-- Exercise directions --
Beginning with the line below that contains "by move/implyP: (lab_in" and ending with the line that contains "- by move=>", copy every line exactly. Copy nothing else.

Stored items
--------
(* Let $T_1$ and $T_2$ be two rooted binary trees, each with $n$ leaves labelled by the same set of $n$ distinct labels. Let $u_1,u_2,\dots,u_k$ be a root-to-leaf path of $\mathit{MCD}(T_1)$. Then $\sum_{i=1}^{k}|T_2(u_i)|=\mathrm{O}(n)$.
   Context: A rooted binary tree is one in which every internal node has exactly two children, a left and a right child. $|T|$ denotes the number of nodes of a tree $T$. A component of $T_1$ is a connected set of its nodes. An edge of $T_1$ crosses the boundary of $C$ if exactly one of its endpoints lies in $C$. It is an edge from below if its endpoint in $C$ is the parent endpoint. A centroid of a component $C$ is a node $u\in C$ such that every connected component of $C\setminus\{u\}$ has at most $|C|/2$ nodes. Removing a node $s$ from $C$ leaves at most three connected components: $C_l$ containing the left child of $s$, $C_r$ containing the right child of $s$, and $C_p$ containing the parent of $s$, each intersected with $C$ and possibly empty. The modified centroid decomposition $\mathit{MCD}(T_1)$ is a ternary tree built recursively, starting from the component $C=T_1$. For the current component $C$ a splitting node $s$ is chosen. If $C$ has no edge from below, $s$ is a centroid $c$ of $C$. Otherwise $C$ has exactly one edge $(x,y)$ from below with $x\in C$; let $c$ be a centroid of $C$, and let $s$ be the lowest common ancestor of $x$ and $c$. The node $u$ of $\mathit{MCD}(T_1)$ corresponding to $C$ stores $s$, and we write $C_u=C$. The children of $u$ are the nodes corresponding to the nonempty components among $C_l,C_r,C_p$ obtained by removing $s$ from $C$. For a node $u$ of $\mathit{MCD}(T_1)$, let $\Lambda=L(C_u)$ be the set of labels of the leaves of $T_1$ lying in $C_u$. Then $T_2(u)$ is the contraction of $T_2$ with respect to $\Lambda$, obtained in three steps: 1. prune all leaves of $T_2$ whose labels are not in $\Lambda$; 2. repeatedly prune internal nodes that have no children; 3. repeatedly contract internal nodes that have exactly one child. The result is a binary tree with leaf set $\Lambda$. *)

From HB Require Import structures.
From mathcomp Require Import all_boot.
From mathcomp Require Import boolp.
Lemma is_rootbE r : is_rootb r = is_root r.
Proof.
rewrite /is_rootb /is_root indegbE; congr andb.
apply/allP/forallP => [H v|H v _]; last by rewrite inE mem_reach.
by rewrite -mem_reach; exact: H (mem_nodes v).
Qed.

Definition leaf_labelled (s : nat) (x : V) : bool := leafb x && (lab x == s).

Definition Cb (u : V) (s : nat) : bool := has (leaf_labelled s) (reach E u).

Lemma CsetP u s : Cset u s <-> Cb u s.
Proof.
split => [[x [lx ls ux]]|/hasP [x ux /andP [lx /eqP ls]]].
  by apply/hasP; exists x; rewrite ?mem_reach // /leaf_labelled leafbE lx ls eqxx.
by exists x; rewrite -leafbE -mem_reach.
Qed.

Definition avoid (u : V) : rel V := [rel a b | E a b && (b != u)].

Lemma path_avoid u r p : path (avoid u) r p = path E r p && (u \notin p).
Proof.
elim: p r => [|w p IHp] r //=; rewrite IHp in_cons negb_or (eq_sym u w).
by rewrite /= -!andbA; do !bool_congr.
Qed.

Definition Ab (u : V) (s : nat) : bool :=
  has (leaf_labelled s) nodes &&
  all (fun r => is_rootb r ==> (u == r) || ~~ has (leaf_labelled s) (reach (avoid u) r)) nodes.

Lemma AsetP u s : Aset u s <-> Ab u s.
Proof.
split.
- move=> [[x [lx ls]] Hu]; rewrite /Ab; apply/andP; split.
    by apply/hasP; exists x; rewrite ?mem_nodes // /leaf_labelled leafbE lx ls eqxx.
  apply/allP => r _; apply/implyP; rewrite is_rootbE => Hr.
  case: eqP => //= ur; apply/hasP => -[y]; rewrite mem_reach => /connectP [p].
  rewrite path_avoid /leaf_labelled leafbE => /andP [pp up] yp /andP [ly /eqP lys].
  by move: (Hu r y p Hr ly lys pp (esym yp)); rewrite in_cons (negbTE up) orbF => /eqP.
- rewrite /Ab => /andP [/hasP [x _ /andP [lx /eqP ls]] /allP Hu].
  split; first by exists x; rewrite -leafbE.
  move=> r y p Hr ly lys pp yp; apply/negPn/negP; rewrite in_cons negb_or => /andP [ur up].
  move/implyP: (Hu r (mem_nodes r)); rewrite is_rootbE (negbTE ur) => /(_ Hr) /hasP; apply.
  exists y; last by rewrite /leaf_labelled leafbE ly lys eqxx.
  by rewrite mem_reach; apply/connectP; exists p; rewrite ?path_avoid ?pp.
Qed.

Definition Bb (u : V) (s : nat) : bool := Cb u s && ~~ Ab u s.

Lemma BsetP u s : Bset u s <-> Bb u s.
Proof.
rewrite /Bset /Bb; split => [[/CsetP -> Na]|/andP [/CsetP Cu /negP Na]].
  by apply/negP => /AsetP.
by split => // /AsetP.
Qed.

Lemma CcoP u s : Cco u s <-> (s \in labels) && ~~ Cb u s.
Proof.
rewrite /Cco; split => [[/inS_labels -> Nc]|/andP [/inS_labels Sl /negP Nc]].
  by apply/negP => /CsetP.
by split => // /CsetP.
Qed.

Definition rank (v : V) : nat := #|[set w | connect E v w]|.

Hypothesis Nacyclic : acyclic N.

Lemma rank_arc a b : E a b -> rank b < rank a.
Proof.
move=> ab; apply: proper_card; apply/properP; split.
  by apply/subsetP => w; rewrite !inE; exact: connect_trans (connect1 ab).
by exists a; rewrite !inE ?connect0 //; exact: Nacyclic.
Qed.

Lemma path_size_rank v p : path E v p -> size p < rank v.
Proof.
elim: p v => [|w p IHp] v /=.
  by rewrite card_gt0 => _; apply/set0Pn; exists v; rewrite inE connect0.
by case/andP => vw /IHp; move/leq_ltn_trans; apply; exact: rank_arc.
Qed.

Lemma path_size_lt v p : path E v p -> size p < #|V|.
Proof. by move/path_size_rank/leq_trans; apply; exact: max_card. Qed.

Definition hyb_counts (v x : V) : seq nat :=
  [seq (count hybridb (v :: p)).+1 | p <- paths nodes E (size nodes) v & last v p == x].

(* [0] if [x] is not reachable from [v], and [k.+1] if [k] is the maximal number of
   hybrid nodes on a path from [v] to [x]. *)
Definition hybmax (v x : V) : nat := foldr maxn 0 (hyb_counts v x).

Definition hyb_profile (v : V) (s : nat) : seq nat :=
  [seq hybmax v x | x <- nodes & leaf_labelled s x].

Lemma hyb_countsP v x k :
  reflect (exists p, [/\ path E v p, last v p = x & (count (@hybrid N) (v :: p)).+1 = k])
          (k \in hyb_counts v x).
Proof.
apply: (iffP mapP) => [[p]|[p [pp px <-]]].
  rewrite mem_filter mem_paths // => /andP [/eqP px /andP [pp _]] ->.
  by exists p; rewrite (eq_count hybridbE).
exists p; last by rewrite (eq_count hybridbE).
rewrite mem_filter px eqxx mem_paths // pp -(card_nodes nodesP).
exact: ltnW (path_size_lt pp).
Qed.

Lemma maxhybP v s n : maxhyb v s n <-> n.+1 \in hyb_profile v s.
Proof.
split.
- move=> [x [lx ls [p [pp px cp]] Hmax]].
  have top : n.+1 \in hyb_counts v x by apply/hyb_countsP; exists p; rewrite cp.
  have ub k : k \in hyb_counts v x -> k <= n.+1.
    by case/hyb_countsP => q [qq qx <-]; exact: Hmax.
  have max_ge : n.+1 <= hybmax v x := foldr_maxn_ub top.
  apply/mapP; exists x; first by rewrite mem_filter /leaf_labelled leafbE lx ls eqxx mem_nodes.
  by apply/eqP; rewrite eqn_leq max_ge ub // foldr_maxn_mem // (leq_trans _ max_ge).
- case/mapP => x; rewrite mem_filter /leaf_labelled leafbE.
  case/andP => /andP [lx /eqP ls] _ hx.
  have /hyb_countsP [p [pp px [cp]]] : n.+1 \in hyb_counts v x.
    by rewrite hx foldr_maxn_mem // -/(hybmax v x) -hx.
  exists x; split => //; first by exists p.
  move=> q qq qx; rewrite -ltnS hx; apply: foldr_maxn_ub.
  by apply/hyb_countsP; exists q.
Qed.

Definition acyclicb : bool :=
  all (fun u => all (fun v => E u v ==> (u \notin reach E v)) nodes) nodes.

Lemma acyclicP : reflect (acyclic N) acyclicb.
Proof.
apply: (iffP allP) => [Hac u v uv|Hac u _].
  move/allP/(_ v (mem_nodes v))/implyP: (Hac u (mem_nodes u)).
  by move=> /(_ uv); rewrite mem_reach.
by apply/allP => v _; apply/implyP => /Hac; rewrite mem_reach.
Qed.

Definition rooted_dagb : bool := acyclicb && has is_rootb nodes.

Lemma rooted_dagP : reflect (rooted_dag N) rooted_dagb.
Proof.
apply: (iffP andP) => [[/acyclicP Ac /hasP [r _ Rr]]|[/acyclicP Ac [r Rr]]]; split => //.
  by exists r; rewrite -is_rootbE.
by apply/hasP; exists r; rewrite ?mem_nodes ?is_rootbE.
Qed.

Definition labeled_in_Sb : bool :=
  [&& all (fun x => all (fun y => [&& leafb x, leafb y & lab x == lab y] ==> (x == y))
                         nodes) nodes,
      all (fun x => leafb x ==> (lab x \in labels)) nodes &
      all (fun s => has (leaf_labelled s) nodes) labels].

Lemma labeled_in_SP : reflect (labeled_in_S N) labeled_in_Sb.
Proof.
apply: (iffP and3P) => [[/allP inj /allP lab_in /allP cover]|[inj lab_in cover]]; split.
- move=> x y lx ly lxy; move/allP/(_ y (mem_nodes y))/implyP: (inj x (mem_nodes x)).
  by rewrite !leafbE lx ly lxy eqxx => /(_ isT) /eqP.
- move=> x lx; apply/inS_labels.
  by move/implyP: (lab_in x (mem_nodes x)); rewrite leafbE; apply.
- move=> s /inS_labels /cover /hasP [x _ /andP [lx /eqP ls]].
  by exists x; rewrite -leafbE.
- apply/allP => x _; apply/allP => y _; apply/implyP; rewrite !leafbE.
  by case/and3P => lx ly /eqP lxy; apply/eqP; exact: inj.
- by apply/allP => x _; apply/implyP; rewrite leafbE => /lab_in /inS_labels.
- apply/allP => s /inS_labels /cover [x [lx ls]].
  by apply/hasP; exists x; rewrite ?mem_nodes // /leaf_labelled leafbE lx ls eqxx.
Qed.

Definition tree_childb : bool :=
  [&& rooted_dagb, labeled_in_Sb,
      all (fun v => ~~ leafb v ==> has (fun w => E v w && tree_nodeb w) nodes) nodes,
      all (fun v => tree_nodeb v ==> (outdegb v != 1)) nodes &
      all (fun v => hybridb v ==> (outdegb v == 1)) nodes].

Lemma tree_childP : reflect (tree_child_network N) tree_childb.
Proof.
apply: (iffP and5P) => [[/rooted_dagP D /labeled_in_SP L /allP TC /allP T1 /allP H1]|
                        [/rooted_dagP D /labeled_in_SP L TC T1 H1]]; split => //.
- move=> v; move/implyP: (TC v (mem_nodes v)); rewrite leafbE => TCv /TCv.
  by case/hasP => w _ /andP [vw tw]; exists w; rewrite -tree_nodebE.
- by move=> v; move/implyP: (T1 v (mem_nodes v)); rewrite tree_nodebE outdegbE.
- move=> v; move/implyP: (H1 v (mem_nodes v)).
  by rewrite hybridbE outdegbE => H1v /H1v /eqP.
- apply/allP => v _; apply/implyP; rewrite leafbE => /TC [w [vw tw]].
  by apply/hasP; exists w; rewrite ?mem_nodes // vw tree_nodebE.
- by apply/allP => v _; apply/implyP; rewrite tree_nodebE outdegbE; exact: T1.
- by apply/allP => v _; apply/implyP; rewrite hybridbE outdegbE => /H1 ->.
Qed.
--------
-- Written response --
  by move/implyP: (lab_in x (mem_nodes x)); rewrite leafbE; apply.
- move=> s /inS_labels /cover /hasP [x _ /andP [lx /eqP ls]].
  by exists x; rewrite -leafbE.
- apply/allP => x _; apply/allP => y _; apply/implyP; rewrite !leafbE.
  by case/and3P => lx ly /eqP lxy; apply/eqP; exact: inj.
- by apply/allP => x _; apply/implyP; rewrite leafbE => /lab_in /inS_labels.
- apply/allP => s /inS_labels /cover [x [lx ls]].
  by apply/hasP; exists x; rewrite ?mem_nodes // /leaf_labelled leafbE lx ls eqxx.
Qed.

Definition tree_childb : bool :=
  [&& rooted_dagb, labeled_in_Sb,
      all (fun v => ~~ leafb v ==> has (fun w => E v w && tree_nodeb w) nodes) nodes,
      all (fun v => tree_nodeb v ==> (outdegb v != 1)) nodes &
      all (fun v => hybridb v ==> (outdegb v == 1)) nodes].

Lemma tree_childP : reflect (tree_child_network N) tree_childb.
Proof.
apply: (iffP and5P) => [[/rooted_dagP D /labeled_in_SP L /allP TC /allP T1 /allP H1]|
                        [/rooted_dagP D /labeled_in_SP L TC T1 H1]]; split => //.
- move=> v; move/implyP: (TC v (mem_nodes v)); rewrite leafbE => TCv /TCv.
  by case/hasP => w _ /andP [vw tw]; exists w; rewrite -tree_nodebE.
- by move=> v; move/implyP: (T1 v (mem_nodes v)); rewrite tree_nodebE outdegbE.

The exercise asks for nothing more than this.